About 12 years ago a good friend of mine moved to a rural area of Maryland . He is a old Vanner He had a beat up old Dodge A 100 van , I had a old Meyers plow with a bent A frame and blade. Well with a bit of scrap metal , an electric boat winch , a set of tire chains and 4 ,318 engine blocks thrown in the back , we welded the spider gears and he had a plow truck. It is a stupid lookin creation, his neighbors thought he was a nut, Well the old beast is still running, the guys on the road take turns plowing during big storms.
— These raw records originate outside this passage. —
(* (i) $F_{L_2}\Subset F^{*}_{\mathcal T_1}$ but $F_{L_1}\not\Subset F^{*}_{\mathcal T_1}$. (ii) $F_{L_4}\Subset F^{**}_{\mathcal T_1}$ but $F_{L_3}\not\Subset F^{**}_{\mathcal T_1}$. (iii) $F_{L_3}\Subset F^{*}_{\mathcal T_2}$ but $F_{L_4}\not\Subset F^{*}_{\mathcal T_2}$. (iv) $F_Q\Subset F^{*}_{\mathcal T_1}$, $F_Q\Subset F^{**}_{\mathcal T_1}$ and $F_Q\Subset F^{*}_{\mathcal T_2}$.
   Context: $H_k\subseteq\mathbb R[x,y,z]$: real ternary forms of degree $k$; $P_{3,4}=\{f\in H_4: f\ge0\text{ on }\mathbb P^2(\mathbb R)\}$. For $f\in P_{3,4}$, $F_f=\{g\in P_{3,4}: f-\epsilon g\in P_{3,4}$ for some $\epsilon>0\}$ (the smallest face of $P_{3,4}$ containing $f$). $GL_3(\mathbb R)$ acts on forms by $(\sigma f)(a)=f(\sigma^{-1}a)$. For faces $F,G$ of $P_{3,4}$, $F\Subset G$ means there is $\sigma\in GL_3(\mathbb R)$ with $F\subseteq\sigma(G)$. For a real line $l'$ (identified with a defining linear form) and a projective linear subspace $U\subseteq\mathbb P^2(\mathbb R)$, $F_{(l',U)}=\{l'^2g: g\in H_2,\ g\ge0\text{ on }\mathbb P^2(\mathbb R),\ g|_U=0\}$. Fix distinct real lines $l,k$, $p\in l$, $q\notin l$: $F_{L_1}=F_{(l,\{q\})}$, $F_{L_2}=F_{(l,\{p\})}$, $F_{L_3}=F_{(l,k)}$, $F_{L_4}=F_{(l,l)}$. Further $F_Q=F_{g^2}$ with $g=x^2-y^2+z^2$; $F^{*}_{\mathcal T_1}=F_f$ with $f=(xy+z^2)^2+y^2z^2+y^4$; $F^{**}_{\mathcal T_1}=F_f$ with $f=(xy+z^2)^2+y^4$; $F^{*}_{\mathcal T_2}=F_f$ with $f=(xy+z^2)^2+y^2z^2$. *)

From Stdlib Require Import Reals.
Open Scope R_scope.

(* A ternary "form" is represented by its polynomial function R^3 -> R
   (polynomials over R are determined by their functions). *)
Definition form := R -> R -> R -> R.

Definition is_form (k : nat) (f : form) : Prop :=
  exists c : nat -> nat -> R, forall x y z,
    f x y z = sum_f_R0 (fun i =>
                sum_f_R0 (fun j => c i j * x ^ i * y ^ j * z ^ (k - i - j)) (k - i)) k.

(* nonnegative on P^2(R), i.e. on R^3 (f(0)=0 for k>0). *)
Definition nonneg (f : form) : Prop := forall x y z, 0 <= f x y z.

Definition P34 (f : form) : Prop := is_form 4 f /\ nonneg f.

(* F_f : smallest face of P_{3,4} containing f *)
Definition face (f : form) : form -> Prop :=
  fun g => P34 g /\ exists eps, 0 < eps /\ P34 (fun x y z => f x y z - eps * g x y z).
If you are a bit creative just about any old vehicle could be made into a personal plow machine.


----------



## 440trk (Nov 27, 2003)

Pictures!!! I wanna see pictures!! 

The old A100's are cool vans...I would love to see a "Plow" version!


----------



## Mdirrigation (Dec 12, 2003)

The guy with the A100s is the man for those vans , he has at least 10 , Just about every model made , pick ups , 8 door , no side door , factory camper, He has been playing with them since 1972. I wish I had a pic , I ditigal cam is on the xmas list .


----------



## The Boss (Oct 22, 2003)

I would love to see this van!:bluebounc That sounds cool! Maybe you could put a bed in the back so when you get tired you don't have to drive all the way home.


----------